I was not able to deal with it, I was doing the same thing as you. He refused to get her out of his life, or even set reasonable boundaries with her. I would have left him if we hadnt been married less than a YEAR (!) and that I was determined to not end yet another marriage. He ended up divorcing ME, because I was so "insecure" and "didnt trust him". Yeah, he is with her now! He has finally admitted that he caused my insecurity and didnt place me first as his priority. Not that it does me any good now. 

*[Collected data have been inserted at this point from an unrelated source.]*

(* Let $\kappa,\kappa'$ be two cardinals such that $\kappa\geq 2^{\kappa'}$, and assume $\kappa$ is infinite. Then every functor ${\sf Sets}^{\leq\kappa}_{\neq\emptyset}\to{\sf Sets}^{\leq\kappa'}_{\neq\emptyset}$ and every functor ${\sf Sets}^{\leq\kappa}_{*}\to{\sf Sets}^{\leq\kappa'}_{*}$ is isomorphic to a constant functor.
   Context: For a cardinal $\lambda$, ${\sf Sets}^{\leq\lambda}_{\neq\emptyset}$ denotes the category of non-empty sets of cardinality $\leq\lambda$ with all maps, and ${\sf Sets}^{\leq\lambda}_{*}$ the category of pointed sets of cardinality $\leq\lambda$ with base-point preserving maps. *)

From mathcomp Require Import ssreflect ssrfun ssrbool.
Set Implicit Arguments. Unset Strict Implicit. Unset Printing Implicit Defensive.

(* A cardinal lambda is represented by a type K of cardinality lambda;
   "a set X has cardinality <= lambda" means there is an injection X -> K. *)

Record NESet (K : Type) := {
  ne_car :> Type;
  ne_small : exists f : ne_car -> K, injective f;
  ne_nonempty : inhabited ne_car }.

Record NEFunctor (K K' : Type) := {
  nef_obj : NESet K -> NESet K';
  nef_map : forall X Y : NESet K, (X -> Y) -> nef_obj X -> nef_obj Y;
  nef_id : forall (X : NESet K) (x : nef_obj X), nef_map (fun a : X => a) x = x;
  nef_comp : forall (X Y Z : NESet K) (f : X -> Y) (g : Y -> Z) (x : nef_obj X),
      nef_map (g \o f) x = nef_map g (nef_map f x) }.

Arguments nef_map {K K'} n {X Y} _ _.
Definition NE_iso_const (K K' : Type) (F : NEFunctor K K') : Prop :=
  exists C : NESet K', exists alpha : forall X : NESet K, nef_obj F X -> C,
    (forall X, bijective (alpha X)) /\
    (forall (X Y : NESet K) (f : X -> Y) (x : nef_obj F X),
        alpha Y (nef_map F f x) = alpha X x).

Record PtSet (K : Type) := {
  pt_car :> Type;
  pt_base : pt_car;
  pt_small : exists f : pt_car -> K, injective f }.

Definition pt_hom (K : Type) (X Y : PtSet K) : Type :=
  { f : X -> Y | f (pt_base X) = pt_base Y }.

Definition pt_id (K : Type) (X : PtSet K) : pt_hom X X :=
  exist _ (fun a : X => a) erefl.

Lemma pt_comp_proof (K : Type) (X Y Z : PtSet K) (f : pt_hom X Y) (g : pt_hom Y Z) :
  (sval g \o sval f) (pt_base X) = pt_base Z.
Proof. by case: f => f hf; case: g => g hg /=; rewrite hf hg. Qed.

Definition pt_comp (K : Type) (X Y Z : PtSet K) (f : pt_hom X Y) (g : pt_hom Y Z)
  : pt_hom X Z := exist _ (sval g \o sval f) (pt_comp_proof f g).

Record PtFunctor (K K' : Type) := {
  pf_obj : PtSet K -> PtSet K';
  pf_map : forall X Y : PtSet K, pt_hom X Y -> pt_hom (pf_obj X) (pf_obj Y);
  pf_id : forall (X : PtSet K) (x : pf_obj X), sval (pf_map (pt_id X)) x = x;
  pf_comp : forall (X Y Z : PtSet K) (f : pt_hom X Y) (g : pt_hom Y Z) (x : pf_obj X),
      sval (pf_map (pt_comp f g)) x = sval (pf_map g) (sval (pf_map f) x) }.

Arguments pf_map {K K'} p {X Y} _.
Definition Pt_iso_const (K K' : Type) (F : PtFunctor K K') : Prop :=
  exists C : PtSet K', exists alpha : forall X : PtSet K, pt_hom (pf_obj F X) C,
    (forall X, bijective (sval (alpha X))) /\
    (forall (X Y : PtSet K) (f : pt_hom X Y) (x : pf_obj F X),
        sval (alpha Y) (sval (pf_map F f) x) = sval (alpha X) x).

(* Let 1 be a one-point object. A functor F is isomorphic to the constant
   functor at F 1 as soon as F sends every constant self-map c : X -> X to the
   identity, for then F (X -> 1) and F (1 -> X) are mutually inverse.
   To see F c = id when c has value x0, embed X into Y := X * 2^K' as 2^K'
   copies s_p glued at x0, with retractions r_p such that r_p s_p = id and
   r_p s_q = c for p <> q. If F c u <> u, then p |-> F s_p u is injective,
   so 2^K' embeds into F Y, hence into K', contradicting Cantor. Y is still
   small because K * K embeds into K for infinite K (Hessenberg). *)

From mathcomp Require Import ssreflect ssrfun ssrbool eqtype choice.
From mathcomp Require Import boolp classical_sets.
Set Implicit Arguments. Unset Strict Implicit. Unset Printing Implicit Defensive.
Local Open Scope classical_set_scope.

Definition embeds (A B : Type) := exists f : A -> B, injective f.

Lemma Zorn_bigcup_nonempty (T : Type) (P : set (set T)) (X0 : set T) : P X0 ->
  (forall F, F `<=` P -> F !=set0 -> total_on F subset -> P (\bigcup_(X in F) X)) ->
  exists2 A, P A & forall B, P B -> A `<=` B -> B `<=` A.
Proof.
move=> PX0 Pch; pose R (A B : {X | P X}) := `[< sval A `<=` sval B >].
have [||C Cch|[A PA] Amax] := ZL_preorder (exist _ X0 PX0) (R := R).
- by move=> ?; apply/asboolP.
- by move=> ? ? ? /asboolP AB /asboolP BC; apply/asboolP; exact: subset_trans BC.
- have [[X0' CX0']|C0] := pselect (C !=set0); last first.
    by exists (exist _ X0 PX0) => X CX; case: C0; exists X.
  have PU : P (\bigcup_(X in sval @` C) X).
    apply: Pch; first by move=> _ [X _ <-]; exact: svalP.
      by exists (sval X0'), X0'.
    move=> _ _ [X CX <-] [Y CY <-].
    by have [/asboolP|/asboolP] := Cch X Y CX CY; [left|right].
  exists (exist _ _ PU) => X CX; apply/asboolP => x Xx.
  by exists (sval X) => //; exists X.
- exists A => // B PB AB.
  by have /asboolP := Amax (exist _ B PB) (introT (asboolP _) AB).
Qed.

Lemma chain_bigcup_pairwise (T : Type) (F : set (set T)) (Q : T -> T -> Prop) :
  total_on F subset -> (forall X, F X -> forall a b, X a -> X b -> Q a b) ->
  forall a b, (\bigcup_(X in F) X) a -> (\bigcup_(X in F) X) b -> Q a b.
Proof.
move=> Fch FQ a b [X FX Xa] [Y FY Yb].
have [XY|YX] := Fch X Y FX FY; first by apply: (FQ Y) => //; exact: XY.
by apply: (FQ X) => //; exact: YX.
Qed.

Section Graphs.
Variables T U : Type.
Implicit Types (A : set T) (B : set U) (G : set (T * U)) (f : T -> U).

Your marriage should be his FIRST priority, and since it was his actions that are bringing these feelings out in you, he should do whatever it takes to make you comfortable and secure, and show he is serious about the reconciliation. He can find another job, he cannot find another YOU.


----------



## charmbee (Dec 3, 2012)

3xnocharm so sorry to hear the bad ending of your marriage. Was he still insisting on keeping in touch with her during this time? I think deep down inside he knew what he wanted which was her, but at the same time there was you. It's sad but it's the reality we have to face. I have given him two ultimatums and he still refuses to leave. Im afraid by the time he realize he needs to leave that job, I would be on my way out.


----------



## KathyBatesel (Apr 26, 2012)

charmbee said:


> You are right my fears aren't valid, I won't ever know because you never know what goes on in their workplace.
> 
> I don't think this is about commitment issues, I'm willing to try this whole marriage thing over again. I think it's more of a trust issue. Im scared to let my guards down. For how long am I to stay alert? I just want to smile and be myself again


I had a few thoughts as I read these words... 

1. It's true that you can't know every detail about what goes on at work, but it's equally true that where there's fire, there's smoke. If you do not see signs that he is devoting time to her or neglecting you, then you have no reason to assume wrongdoing. He dated her when you were apart, and has since broken off that pursuit clearly. He did this on his work e-mail, which could potentially get them both into trouble on the job if it's not honored or if you want to make a scene (which I don't recommend.) He continuously wanted to be back with you, and you've said that you are the one who refused, but when you came back, he dropped her. I don't see any reason to believe otherwise. 

On the other hand, if he's staying late at the office and you discover she is, too, or you find them exchanging texts or e-mails or calling each other, that's when I'd give the guy his walking papers.

2. The way you say "this marriage thing" reveals your own ambivalence toward being committed. You can't be committed to something you aren't sure you believe in! 

3. I imagine trust issues *are* the basis for how you are feeling, and unfortunately, these aren't the kinds of things that just magically get fixed. The bottom line is that in order to trust again, you have to let yourself be vulnerable AND you have to discover that there's no valid reason to fear. You're going through that now, and while it's uncomfortable, it *is* necessary. Here are the possible outcomes I see: 

- You could walk purely because of the discomfort.
- You could discover that your fears are valid and find yourself betrayed in some way, which would certainly be painful but which will not destroy you if you don't want it to.
- You could find that your husband is willing to be committed and loyal and that your fears are unfounded, which would open the doorway to the intimacy and love you're hoping for.


----------